US military presence in Syria is becoming increasingly complex

UNITED STATES (OBSERVATORY NEWS) — The equation of the US military presence in Syria is further complicated by the fact that operations are limited to a small area that is difficult to defend and focus on “protecting” the oil fields that legally belong to the Syrian state.

President Donald Trump has denounced “endless wars.” He decided on October 6 to withdraw 1,000 troops deployed in northeastern Syria to fight jihadists.

But a month later, the number of US troops remains roughly the same with the replacement of special forces that have left from the north with armored units in the Deir Ezzor area, where the main oil fields are located.

– Withdrawal doesn’t look like that.

The withdrawal from the border areas with Turkey “is continuing. Most of the equipment and personnel have been withdrawn from this area,” US Admiral William Byrne told a Pentagon press conference Thursday.

Byrne said Kurdish fighters in the SDF, who initially felt betrayed by the United States, had resumed cooperation with US forces.

The Pentagon continues to provide them with weapons, he said.

Withdrawal is no longer possible. “We are determined to stay in the region,” Pentagon spokesman Jonathan Hoffman told a news conference.

He said US forces would remain in Syria “as long as necessary.”

While Trump asserts that the US military’s current task is to protect oil fields, Pentagon officials must alter that to assert that it is against jihadists, as a justification for US intervention in a foreign region against the will of its government.

“I will not say that the mission is to secure the oil fields. The task is to defeat ISIS. Securing the oil fields is a matter for this mission, and the goal is to prevent IS from taking advantage of the oil fields,” Byrne said.

“So it’s about denying ISIS access to it, as well as allowing the Kurds and the SDF to control the oil,” Hoffman said.

He said the aim was to “give the Kurds in the region, the SDF a source of income and the possibility of forming a force in their military campaign against IS.”

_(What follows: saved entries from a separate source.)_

Definition head_le (a : nat) (t : list nat) : bool :=
  match t with [] => true | b :: _ => Nat.leb b a end.

Lemma filter_flat_map {A B} (p : B -> bool) (f : A -> list B) (l : list A) :
  filter p (flat_map f l) = flat_map (fun x => filter p (f x)) l.
Proof. induction l as [|a l IH]; simpl; [reflexivity|]. now rewrite filter_app, IH. Qed.

Lemma filter_map_cons (p : list nat -> bool) (a : nat) (l : list (list nat)) :
  filter p (map (cons a) l) = map (cons a) (filter (fun t => p (a :: t)) l).
Proof.
  induction l as [|t l IH]; simpl; [reflexivity|].
  destruct (p (a :: t)); simpl; now rewrite IH.
Qed.

Lemma flat_map_ext_in {A B} (f g : A -> list B) (l : list A) :
  (forall x, In x l -> f x = g x) -> flat_map f l = flat_map g l.
Proof. induction l as [|a l IH]; simpl; intros H; [reflexivity|]. rewrite H, IH; auto. Qed.

Lemma filter_head_le (k a n : nat) : (a <= n)%nat ->
  filter (head_le a) (noninc_lists n k) = noninc_lists a k.
Proof.
  intros Han. destruct k as [|k]; [reflexivity|]. simpl. rewrite filter_flat_map.
  replace n with (a + (n - a))%nat by lia. rewrite seq_app, flat_map_app.
  rewrite (flat_map_ext_in _ (fun _ => []) (seq (1 + a) _)).
  2:{ intros x Hx. apply in_seq in Hx. rewrite filter_map_cons.
      rewrite (List.filter_ext _ (fun _ => false)); [now rewrite List.filter_false|].
      intros t. simpl. apply Nat.leb_gt. lia. }
  rewrite (flat_map_ext_in _ (fun x => map (cons x) (noninc_lists x k)) (seq 1 a)).
  2:{ intros x Hx. apply in_seq in Hx. rewrite filter_map_cons.
      rewrite (List.filter_ext _ (fun _ => true)); [now rewrite List.filter_true|].
      intros t. simpl. apply Nat.leb_le. lia. }
  induction (seq (1 + a) (n - a)); simpl; [apply app_nil_r|assumption].
Qed.

Lemma nonincb_cons (a : nat) (t : list nat) : nonincb (a :: t) = head_le a t && nonincb t.
Proof. destruct t; reflexivity. Qed.

Lemma filter_andb {A} (p q : A -> bool) (l : list A) :
  filter (fun t => p t && q t) l = filter p (filter q l).
Proof.
  induction l as [|a l IH]; simpl; [reflexivity|].
  destruct (q a) eqn:Eq, (p a) eqn:Ep; simpl; rewrite ?Ep, IH; reflexivity.
Qed.

Lemma adm_noninc_lists (n k : nat) : adm n k = noninc_lists n k.
Proof.
  unfold adm. revert n. induction k as [|k IH]; intros n; [reflexivity|].
  simpl. rewrite filter_flat_map. apply flat_map_ext_in. intros a Ha. apply in_seq in Ha.
  rewrite filter_map_cons, (List.filter_ext _ _ (nonincb_cons a)), filter_andb, IH.
  rewrite filter_head_le; [reflexivity|lia].
Qed.

Lemma noninc_lists_split (n k : nat) :
  noninc_lists (S n) (S k) = noninc_lists n (S k) ++ map (cons (S n)) (noninc_lists (S n) k).
Proof.
  change (noninc_lists (S n) (S k))
    with (flat_map (fun a => map (cons a) (noninc_lists a k)) (seq 1 (S n))).
  rewrite seq_S, flat_map_app. simpl. now rewrite app_nil_r.
Qed.

Lemma noninc_lists_length (n k : nat) (l : list nat) :
  In l (noninc_lists n k) -> length l = k.
Proof.
  revert n l. induction k as [|k IH]; simpl; intros n l Hl.
  - destruct Hl as [<-|[]]. reflexivity.
  - apply in_flat_map in Hl as [a [_ Hl]]. apply in_map_iff in Hl as [t [<- Ht]].
    simpl. now rewrite (IH a t Ht).
Qed.

Lemma noninc_lists_bound (n k : nat) (l : list nat) (a : nat) :
  In l (noninc_lists n k) -> In a l -> (a <= n)%nat.
Proof.
  revert n l. induction k as [|k IH]; simpl; intros n l Hl Ha.
  - destruct Hl as [<-|[]]. destruct Ha.
  - apply in_flat_map in Hl as [b [Hb Hl]]. apply in_map_iff in Hl as [t [<- Ht]].
    apply in_seq in Hb. destruct Ha as [<-|Ha]; [lia|].
    specialize (IH b t Ht Ha). lia.
Qed.

(* [multichoose n k] = |adm n k| = binom(n+k-1, k), the number of k-multisets of {1..n}. *)
Definition multichoose (n k : nat) : nat := length (noninc_lists n k).

Lemma multichoose_S (n k : nat) :
  multichoose (S n) (S k) = (multichoose n (S k) + multichoose (S n) k)%nat.
Proof. unfold multichoose. now rewrite noninc_lists_split, length_app, length_map. Qed.
Definition normal_trace t :=
  [\/ t = cv3 0 0 0, exists2 b, 0 < b & t = cv3 (2 * b) 0 0,
      exists2 b, 0 < b & t = cv3 0 0 (2 * b) | t = cv3 (-2) 0 2].

Lemma listedE tf : listed tf <-> exists2 t, normal_trace t & tf = sl2_dual t.
Proof.
have dualE x y z : sl2_dual (cv3 x y z) =
    br3 (vec3 (y / 2) (- x / 2) 0) (vec3 0 (z / 2) (- y / 2)) (vec3 (- z / 2) 0 (x / 2)).
  by rewrite /sl2_dual !mxE.
have dualI : sl2_dual (cv3 0 0 0) = tfI R.
  by rewrite dualE /tfI; congr br3; congr vec3; field.
have dualVi b : sl2_dual (cv3 (2 * b) 0 0) = tfVi b.
  by rewrite dualE /tfVi; congr br3; congr vec3; field.
have dualVii b : sl2_dual (cv3 0 0 (2 * b)) = tfVii b.
  by rewrite dualE /tfVii; congr br3; congr vec3; field.
have dualViii : sl2_dual (cv3 (-2) 0 2) = tfViii R.
  by rewrite dualE /tfViii; congr br3; congr vec3; field.
split=> [[->|[[b [b0 ->]]|[[b [b0 ->]]| ->]]] | [t [->|[b b0 ->]|[b b0 ->]| ->] ->]].
- by exists (cv3 0 0 0); [apply: Or41 | rewrite dualI].
- by exists (cv3 (2 * b) 0 0); [apply: Or42; exists b | rewrite dualVi].
- by exists (cv3 0 0 (2 * b)); [apply: Or43; exists b | rewrite dualVii].
- by exists (cv3 (-2) 0 2); [apply: Or44 | rewrite dualViii].
- by rewrite dualI; left.
- by rewrite dualVi; right; left; exists b.
- by rewrite dualVii; right; right; left; exists b.
- by rewrite dualViii; right; right; right.
Qed.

“It’s not a new task,” Hoffman said. “Everyone seems to think it has changed, but it’s not.”

-Serious mission-

While US forces once controlled the entire Syrian territory east of the Euphrates by protecting airspace and the natural boundaries of the river, the presence of Russian, Turkish and Syrian forces in the north opened a new front, explaining the dispatch of armored vehicles.

“There are two reasons, one using fast-moving vehicles, the other is protecting our troops. They are armored,” said Vice Admiral Byrne, noting that this option was due to “threats.”

After the attacks of September 11, 2001, Congress allowed the executive branch to carry out unlimited military operations against terrorism, and the Pentagon relied on this mandate to justify control of Syria’s oil fields.

“The United States is not benefiting from all this because the profits come from Syria’s democratic forces,” Hoffman said.